ISIS, ISIL, Daesh, Islamic State: Why the Terror Group Has So Many Names
Policy + Politics

ISIS, ISIL, Daesh, Islamic State: Why the Terror Group Has So Many Names

Reuters

President Obama calls them ISIL. French President Francois Hollande calls them Daesh. The media mostly uses ISIS, Islamic State or IS. In the wake of the terrorist attacks in San Bernardino, Paris and Beirut, world leaders are preparing to step up with a more unified fight against the radical Islamic group. So why the different names? Here’s a guide to explain them all. 

ISIS
The name is an acronym for Islamic State in Iraq and Syria or Islamic State in Iraq and al-Sham. After expanding into Syria in 2011, the group began referring to itself as ISIS because it controlled territory in Iraq and Syria. Al-Sham refers to a specific region along the eastern Mediterranean Sea that is much larger than modern Syria. Most news organizations use the term ISIS because it’s the name that most people recognize. 

Related: 9 ISIS Weapons That Will Shock You 

ISIL
This version is an acronym for Islamic State in Iraq and the Levant. Some English speakers translate the Arabic al-Sham as “the Levant,” a term that refers to the large area of land between the Euphrates River and the Mediterranean Sea. The Levant is a bigger swath of land than the area denoted by the term al-Sham, but they overlap with one another.
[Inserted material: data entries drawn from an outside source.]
(* Let $F$ be an augmentation of a tree $T$. Then $\mathrm{ex}(n,F^3)\le 3(|T|+1)n^2$ for all sufficiently large $n$.
   Context: $|T|$ is the number of edges of $T$. A graph $F$ is an augmentation of a tree $T$ if $F$ is obtained from $T$ by adding one new edge (whose endpoints need not lie in $V(T)$). The expansion $F^3$ is the $3$-graph obtained from $F$ by adding to each edge a new vertex, distinct edges receiving distinct new vertices. $\mathrm{ex}(n,F^3)$ is the maximum number of edges in an $n$-vertex $3$-graph containing no copy of $F^3$. *)

From mathcomp Require Import all_boot.
Set Implicit Arguments. Unset Strict Implicit. Unset Printing Implicit Defensive.

Definition tadj (V : finType) (ET : {set {set V}}) : rel V :=
  fun x y => [set x; y] \in ET.

Definition is_tree (V : finType) (VT : {set V}) (ET : {set {set V}}) : Prop :=
  [/\ VT != set0,
      (forall A, A \in ET -> #|A| = 2 /\ A \subset VT),
      (forall x y, x \in VT -> y \in VT -> connect (tadj ET) x y) &
      (forall s : seq V, uniq s -> 3 <= size s -> ~~ cycle (tadj ET) s)].

(* F = (V, E) (vertex set = all of V) is an augmentation of the tree
   T = (VT, ET): E = ET plus one new edge e, V(F) = VT u e. *)
Definition is_augmentation (V : finType) (E : {set {set V}})
    (VT : {set V}) (ET : {set {set V}}) : Prop :=
  is_tree VT ET /\
  exists e : {set V},
    [/\ #|e| = 2, e \notin ET, E = e |: ET & [set: V] = VT :|: e].

(* Vertex type of the expansion F^3: old vertices plus one new vertex per edge. *)
Definition exp_vert (V : finType) (E : {set {set V}}) : finType :=
  (V + {A : {set V} | A \in E})%type.

Definition expansion (V : finType) (E : {set {set V}}) : {set {set exp_vert E}} :=
  [set (inl @: val a) :|: [set inr a] | a : {A : {set V} | A \in E}].

Definition uniform3 (n : nat) (H : {set {set 'I_n}}) : bool :=
  [forall A in H, #|A| == 3].

Definition hcontains (U : finType) (G : {set {set U}}) (n : nat)
    (H : {set {set 'I_n}}) : bool :=
  [exists f : {ffun U -> 'I_n}, injectiveb f && [forall A in G, (f @: A) \in H]].

Definition ex3 (U : finType) (G : {set {set U}}) (n : nat) : nat :=
  \max_(H : {set {set 'I_n}} | uniform3 H && ~~ hcontains G H) #|H|.

(* Delete, one at a time, all edges through a pair of positive codegree
   less than d := |V(F)| + |T| <= 3(|T| + 1).  Fewer than d n^2 edges are
   lost, so a nonempty subgraph survives in which every pair of positive
   codegree has codegree at least d.  In the link graph of any vertex x of it
   every vertex has degree at least d, so the forest T - a, where a is an end
   of the new edge, embeds greedily leaf by leaf; sending a to x maps each
   edge of F onto a pair of codegree at least d, which leaves enough room to
   pick the expansion vertices distinct and outside the image of V(F). *)

From mathcomp Require Import all_boot.
From mathcomp Require Import zify.
Set Implicit Arguments. Unset Strict Implicit. Unset Printing Implicit Defensive.

Lemma exists_notin_of_card_lt (T : finType) (B C : {set T}) :
  #|B| < #|C| -> exists2 y, y \in C & y \notin B.
Proof.
move=> ltBC; apply/subsetPn.
by apply: contraTN ltBC => /subset_leq_card; rewrite -leqNgt.
Qed.

Lemma injective_in_update (T U : finType) (g : T -> U) (S : {set T}) v y :
  {in S &, injective g} -> y \notin g @: S ->
  {in v |: S &, injective (fun z => if z == v then y else g z)}.
Proof.
move=> gi yg z1 z2; rewrite !inE.
case: (eqVneq z1 v) => [->|z1v]; case: (eqVneq z2 v) => [->|z2v] //= S1 S2.
- by move=> yE; case/negP: yg; rewrite yE imset_f.
- by move=> yE; case/negP: yg; rewrite -yE imset_f.
- exact: gi.
Qed.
In the end, both ISIL and ISIS have generally the same meaning.  

Reporters have speculated about why the Obama administration uses ISIL, with explanations ranging from the straightforward (it’s a more accurate translation and better represents the area the group aims to take over) to the distrustful (one theory holds that the administration was trying to downplay Syria). 

Islamic State
The group changed its name to the Islamic State, or IS, in June 2014, when it declared a caliphate in the areas that it controlled, intending the term to represent a successor state to the original seventh-century Islamic nation. The group also calls itself The Caliphate. With this claim, the group is implying it’s the only state that true Muslims should adopt. The term drops all geographic modifiers that imply physical boundaries and reflects the group’s ultimate goal of creating a caliphate across the region. 

Some argue that using the terrorists’ preferred name gives them legitimacy and helps them recruit individuals worldwide. Over the summer, British Prime Minister David Cameron asked the BBC to stop referring to the group as the Islamic State. Cameron uses the name ISIL. And the Associated Press uses “the Islamic State group,” or phrases like “IS extremists,” to make clear that it is not a recognized, functioning state.

Related: Obama’s Use of ISIL, Not ISIS, Tells a Different Story

Daesh or Da’ish
Daesh is an acronym for the Arabic term “Dawlat al-Islamiyah f’al-Iraq wa al-Sham,” which roughly translates to “Islamic State in Iraq and the Levant.” 

But the word daesh in Arabic commonly means “a bigot who imposes his view on others” or “to trample and crush.” Calling the group Daesh implies that it is neither a real government nor a true representation of Islamic thought. As a result, the group hates the name to the point that it’s threatened to cut out the tongues of anyone who uses it — another reason some choose to use Daesh instead of other alternatives.

Since September 2014, it’s been France’s official policy to refer to the group as Daesh, and Arab governments have long used the term. U.S. Secretary of State John Kerry typically uses Daesh as well, and Obama referred to the group as Daesh when he condemned the group after the Paris attacks. Over the summer, 120 British members of Parliament wrote a letter to the director general of the BBC asking that the organization refer to the group as Daesh. So far, the BBC has not made the change.